**Problem to work on**
Output the data below line for line, exactly, up to and including the line where "Hypothesis f_lipschitz : forall" appears.

* * *

(** * Global existence by Picard iteration *)

Fixpoint picard_iterate (f : R -> R -> R) (t0 y0 : R) (k : nat) : R -> R :=
  match k with
  | O => fun _ => y0
  | S k => fun t => y0 + RInt (fun s => f s (picard_iterate f t0 y0 k s)) t0 t
  end.

Definition picard_solution (f : R -> R -> R) (t0 y0 : R) : R -> R :=
  pointwise_lim (picard_iterate f t0 y0).

Section Picard.

Variables (f : R -> R -> R) (L M t0 y0 : R).
Hypothesis L_pos : 0 < L.
Hypothesis f_lipschitz : forall t p q, Rabs (f t p - f t q) <= L * Rabs (p - q).
Hypothesis f_bounded : forall t p, Rabs (f t p) <= M.
Hypothesis f_continuous : forall phi : R -> R, (forall t, continuous phi t) ->
  forall t, continuous (fun s => f s (phi s)) t.

Notation it := (picard_iterate f t0 y0).

Lemma is_derive_integral_curve (phi : R -> R) : (forall t, continuous phi t) ->
  forall t, is_derive (fun t => y0 + RInt (fun s => f s (phi s)) t0 t) t (f t (phi t)).
Proof.
  intros Hphi t. replace (f t (phi t)) with (0 + f t (phi t)) by ring.
  apply (is_derive_plus (fun _ => y0)); [apply is_derive_Reals, derivable_pt_lim_const |].
  apply (is_derive_RInt (fun s => f s (phi s)) _ t0); [| now apply f_continuous].
  apply filter_forall. intros b. apply (RInt_correct (V := R_CompleteNormedModule)).
  apply (ex_RInt_continuous (V := R_CompleteNormedModule)). intros z _. now apply f_continuous.
Qed.

Lemma picard_iterate_continuous k t : continuous (it k) t.
Proof.
  revert t. induction k as [| k IH]; intros t; [apply continuous_const |].
  apply (ex_derive_continuous (K := R_AbsRing) (V := R_NormedModule)).
  eexists. exact (is_derive_integral_curve (it k) IH t).
Qed.

Lemma picard_iterate_derive k t : is_derive (it (S k)) t (f t (it k t)).
Proof. apply is_derive_integral_curve, picard_iterate_continuous. Qed.

Lemma picard_iterate_t0 k : it k t0 = y0.
Proof. destruct k; simpl; [reflexivity |]. rewrite RInt_point. apply Rplus_0_r. Qed.

Lemma picard_bound_nonneg : 0 <= M.
Proof. pose proof (f_bounded 0 0). pose proof (Rabs_pos (f 0 0)). lra. Qed.

Lemma picard_iterate_step k t :
  Rabs (it (S k) t - it k t) <= M / L * (/ 2) ^ k * exp (2 * L * Rabs (t - t0)).
Proof.
  pose proof picard_bound_nonneg as HM.
  assert (HML : 0 <= M / L) by (apply Rmult_le_pos; [lra | left; now apply Rinv_0_lt_compat]).
  revert t. induction k as [| k IH]; intros t.
  - replace (M / L * (/ 2) ^ 0) with (2 * (M / L) / 2) by (simpl; field; lra).
    apply (Rabs_le_of_derive_exp_bound (fun t => it 1 t - it 0 t) (fun s => f s y0 - 0)); [lra | lra | | |].
    + intros s. apply (is_derive_minus (it 1) (it 0));
        [apply picard_iterate_derive | apply is_derive_Reals, derivable_pt_lim_const].
    + rewrite !picard_iterate_t0. ring.
    + intros s. rewrite Rminus_0_r. replace (L * (2 * (M / L))) with (2 * M) by (field; lra).
      pose proof (exp_ineq1_le (2 * L * Rabs (s - t0))).
      assert (0 <= 2 * L * Rabs (s - t0)) by (pose proof (Rabs_pos (s - t0)); nra).
      pose proof (f_bounded s y0). nra.
  - replace (M / L * (/ 2) ^ S k) with (M / L * (/ 2) ^ k / 2) by (simpl; field; lra).
    apply (Rabs_le_of_derive_exp_bound (fun t => it (S (S k)) t - it (S k) t)
      (fun s => f s (it (S k) s) - f s (it k s))); [lra | pose proof (pow_le (/ 2) k); nra | | |].
    + intros s. apply (is_derive_minus (it (S (S k))) (it (S k))); apply picard_iterate_derive.
    + rewrite !picard_iterate_t0. ring.
    + intros s. eapply Rle_trans; [apply f_lipschitz |].
      rewrite Rmult_assoc. apply Rmult_le_compat_l; [lra | apply IH].
Qed.

Lemma picard_iterate_CVU c : CVU it (picard_solution f t0 y0) c one_pos.
Proof.
  set (B := M / L * exp (2 * L * (Rabs (c - t0) + 1))).
  apply (CVU_pointwise_lim it (fun m => 2 * B * (/ 2) ^ m) c 0).
  - replace 0 with (2 * B * 0) by ring. apply (is_lim_seq_scal_l _ _ 0), is_lim_seq_geom.
    rewrite Rabs_right; lra.
  - intros m n s Hmn Hs.
    eapply Rle_trans.
    { apply (Rabs_sub_le_geometric (fun k => it k s) (M / L * exp (2 * L * Rabs (s - t0)))); [| lia].
      intros k. eapply Rle_trans; [apply picard_iterate_step | right; ring]. }
    assert (Hexp : exp (2 * L * Rabs (s - t0)) <= exp (2 * L * (Rabs (c - t0) + 1))).
    { apply exp_le_mono, Rmult_le_compat_l; [lra |].
      replace (s - t0) with ((s - c) + (c - t0)) by ring.
      unfold Boule in Hs. simpl in Hs. pose proof (Rabs_triang (s - c) (c - t0)). lra. }
    assert (HML : 0 <= M / L)
      by (pose proof picard_bound_nonneg; apply Rmult_le_pos; [lra | left; now apply Rinv_0_lt_compat]).
    apply Rmult_le_compat_r; [apply pow_le; lra |].
    apply Rmult_le_compat_l; [lra |]. now apply Rmult_le_compat_l.
Qed.

Lemma picard_solution_t0 : picard_solution f t0 y0 t0 = y0.
Proof.
  unfold picard_solution, pointwise_lim.
  rewrite (Lim_seq_ext _ (fun _ => y0)) by apply picard_iterate_t0.
  now rewrite Lim_seq_const.
Qed.

Lemma picard_solution_derive t :
  is_derive (picard_solution f t0 y0) t (f t (picard_solution f t0 y0 t)).
Proof.
  apply (is_derive_CVU_lim f L (fun n => it (S n)) it); [exact f_lipschitz | apply picard_iterate_derive | |];
    intros c; [apply CVU_shift |]; apply picard_iterate_CVU.
Qed.

End Picard.

Lemma Rabs_mult_le_l (u v : R) : Rabs v <= 1 -> Rabs (u * v) <= Rabs u.
Proof.
  intros Hv. rewrite Rabs_mult. pose proof (Rabs_pos u). pose proof (Rabs_pos v). nra.
Qed.

Lemma cos_bounds_half_pi (x : R) : - (PI / 2) <= x <= PI / 2 -> 0 <= cos x <= 1.
Proof. intros Hx. split; [apply cos_ge_0; lra | apply COS_bound]. Qed.

Lemma one_sub_cos_le_Rabs_sin (x : R) : - (PI / 2) <= x <= PI / 2 -> 1 - cos x <= Rabs (sin x).
Proof.
  intros Hx. pose proof (cos_bounds_half_pi x Hx). pose proof (sin2_cos2 x) as Hsc.
  unfold Rsqr in Hsc.
  assert (Hsin1 : Rabs (sin x) <= 1) by (apply Rabs_le, SIN_bound).
  assert (Hsq : Rabs (sin x) * Rabs (sin x) = sin x * sin x)
    by (rewrite <- Rabs_mult; apply Rabs_right; nra).
  pose proof (Rabs_pos (sin x)). nra.
Qed.

Lemma sin_margin_le (eta x : R) : 0 <= eta <= PI / 2 -> eta <= x <= PI - eta -> sin eta <= sin x.
Proof.
  intros Heta Hx. destruct (Rle_or_lt x (PI / 2)).
  - apply sin_incr_1; lra.
  - rewrite <- (sin_PI_x x). apply sin_incr_1; lra.
Qed.

Lemma cos_neg_PI_add (u : R) : cos (- PI + u) = - cos u.
Proof. replace (- PI + u) with (- (PI - u)) by ring. rewrite cos_neg. apply Rtrigo_facts.cos_pi_minus. Qed.

Lemma cos_atan_le (eps t : R) : 0 < eps -> / eps <= Rabs t -> cos (atan t) <= eps.
Proof.
  intros Heps Ht. rewrite cos_atan.
  assert (Hsqrt : Rabs t <= sqrt (1 + t²)).
  { rewrite <- sqrt_Rsqr_abs. apply sqrt_le_1_alt. pose proof (Rle_0_sqr t). lra. }
  assert (Hpos : 0 < / eps) by now apply Rinv_0_lt_compat.
  unfold Rdiv. rewrite Rmult_1_l, <- (Rinv_inv eps).
  apply Rinv_le_contravar; lra.
Qed.

Lemma acos_le_acos (E E' : R) : -1 <= E <= 1 -> -1 <= E' <= 1 -> E <= E' -> acos E' <= acos E.
Proof.
  intros HE HE' Hle. destruct (Rle_or_lt (acos E') (acos E)) as [| Hlt]; [assumption | exfalso].
  pose proof (acos_bound E). pose proof (acos_bound E').
  pose proof (cos_decreasing_1 (acos E) (acos E') ltac:(lra) ltac:(lra) ltac:(lra) ltac:(lra) Hlt) as Hcos.
  rewrite !cos_acos in Hcos by assumption. lra.
Qed.

Lemma atan_bounds_le (t : R) : - (PI / 2) <= atan t <= PI / 2.
Proof. pose proof (atan_bound t). lra. Qed.

Lemma atan_nonneg (t : R) : 0 <= t -> 0 <= atan t.
Proof. intros [Ht | <-]; [left; rewrite <- atan_0; now apply atan_increasing | rewrite atan_0; lra]. Qed.

Lemma atan_nonpos (t : R) : t <= 0 -> atan t <= 0.
Proof. intros [Ht | ->]; [left; rewrite <- atan_0; now apply atan_increasing | rewrite atan_0; lra]. Qed.

Lemma atan_is_xi_orbit (t : R) : is_derive atan t (xi_field (atan t)).
Proof.
  apply is_derive_Reals. unfold xi_field.
  replace (cos (atan t) ^ 2) with (/ (1 + t ^ 2)); [apply derivable_pt_lim_atan |].
  rewrite cos_atan. assert (Hpos : 0 < 1 + t²) by (pose proof (Rle_0_sqr t); lra).
  pose proof (sqrt_lt_R0 _ Hpos). pose proof (sqrt_sqrt (1 + t²) ltac:(lra)) as Hsq.
  set (s := sqrt (1 + t²)) in *.
  replace (1 + t ^ 2) with (s * s) by (rewrite Hsq; unfold Rsqr; ring). field. lra.
Qed.

Lemma is_lim_atan_p_infty : is_lim atan p_infty (PI / 2).
Proof.
  apply is_lim_p_infty_of_eps. intros eps Heps. pose proof PI_RGT_0.
  set (e := Rmin (eps / 2) (PI / 4)).
  assert (He : 0 < e <= eps / 2 /\ e <= PI / 4)
    by (split; [split; [apply Rmin_glb_lt; lra | apply Rmin_l] | apply Rmin_r]).
  exists (tan (PI / 2 - e)). intros x Hx.
  apply atan_increasing in Hx. rewrite atan_tan in Hx by lra.
  pose proof (atan_bound x). rewrite Rabs_left; lra.
Qed.

Lemma is_lim_atan_m_infty : is_lim atan m_infty (- PI / 2).
Proof.
  apply is_lim_m_infty_of_eps. intros eps Heps. pose proof PI_RGT_0.
  set (e := Rmin (eps / 2) (PI / 4)).
  assert (He : 0 < e <= eps / 2 /\ e <= PI / 4)
    by (split; [split; [apply Rmin_glb_lt; lra | apply Rmin_l] | apply Rmin_r]).
  exists (tan (- PI / 2 + e)). intros x Hx.
  apply atan_increasing in Hx. rewrite atan_tan in Hx by lra.
  pose proof (atan_bound x). rewrite Rabs_right; lra.
Qed.

Lemma xi_orbit_eq_atan (x : R -> R) :
  (forall t, - PI / 2 < x t < PI / 2 /\ is_derive x t (xi_field (x t))) ->
  forall t, x t = atan (t + tan (x 0)).
Proof.
  intros Hx.
  set (g t := tan (x t) - t).
  assert (Hg : forall t, is_derive g t 0).
  { intros t. destruct (Hx t) as [Hb Hd]. assert (Hc : 0 < cos (x t)) by (apply cos_gt_0; lra).
    replace 0 with ((tan (x t) ^ 2 + 1) * xi_field (x t) - 1).
    - apply (is_derive_minus (fun t => tan (x t)) (fun t => t));
        [| apply is_derive_Reals, derivable_pt_lim_id].
      replace ((tan (x t) ^ 2 + 1) * xi_field (x t)) with (xi_field (x t) * (tan (x t) ^ 2 + 1)) by ring.
      apply (is_derive_comp tan x t); [apply is_derive_tan; lra | exact Hd].
    - unfold xi_field, tan. pose proof (sin2_cos2 (x t)) as Hsc. unfold Rsqr in Hsc.
      field_simplify; [| lra]. simpl. lra. }
  assert (Hconst : forall p q, p <= q -> g p = g q).
  { intros p q Hpq.
    pose proof (le_of_derive_nonneg g (fun _ => 0) p q Hg Hpq ltac:(intros; lra)).
    pose proof (le_of_derive_nonneg (fun t => - g t) (fun _ => - 0) p q
                  ltac:(intros t; now apply (is_derive_opp g)) Hpq ltac:(intros; lra)).
    lra. }
  intros t. assert (Hgt : g t = g 0) by (destruct (Rle_or_lt t 0); [| symmetry]; apply Hconst; lra).
  unfold g in Hgt. replace (t + tan (x 0)) with (tan (x t)) by lra.
  rewrite atan_tan; [reflexivity | destruct (Hx t); lra].
Qed.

* * *

**Problem solution**
(** * Global existence by Picard iteration *)

Fixpoint picard_iterate (f : R -> R -> R) (t0 y0 : R) (k : nat) : R -> R :=
  match k with
  | O => fun _ => y0
  | S k => fun t => y0 + RInt (fun s => f s (picard_iterate f t0 y0 k s)) t0 t
  end.

Definition picard_solution (f : R -> R -> R) (t0 y0 : R) : R -> R :=
  pointwise_lim (picard_iterate f t0 y0).

Section Picard.

Variables (f : R -> R -> R) (L M t0 y0 : R).
Hypothesis L_pos : 0 < L.
Hypothesis f_lipschitz : forall t p q, Rabs (f t p - f t q) <= L * Rabs (p - q).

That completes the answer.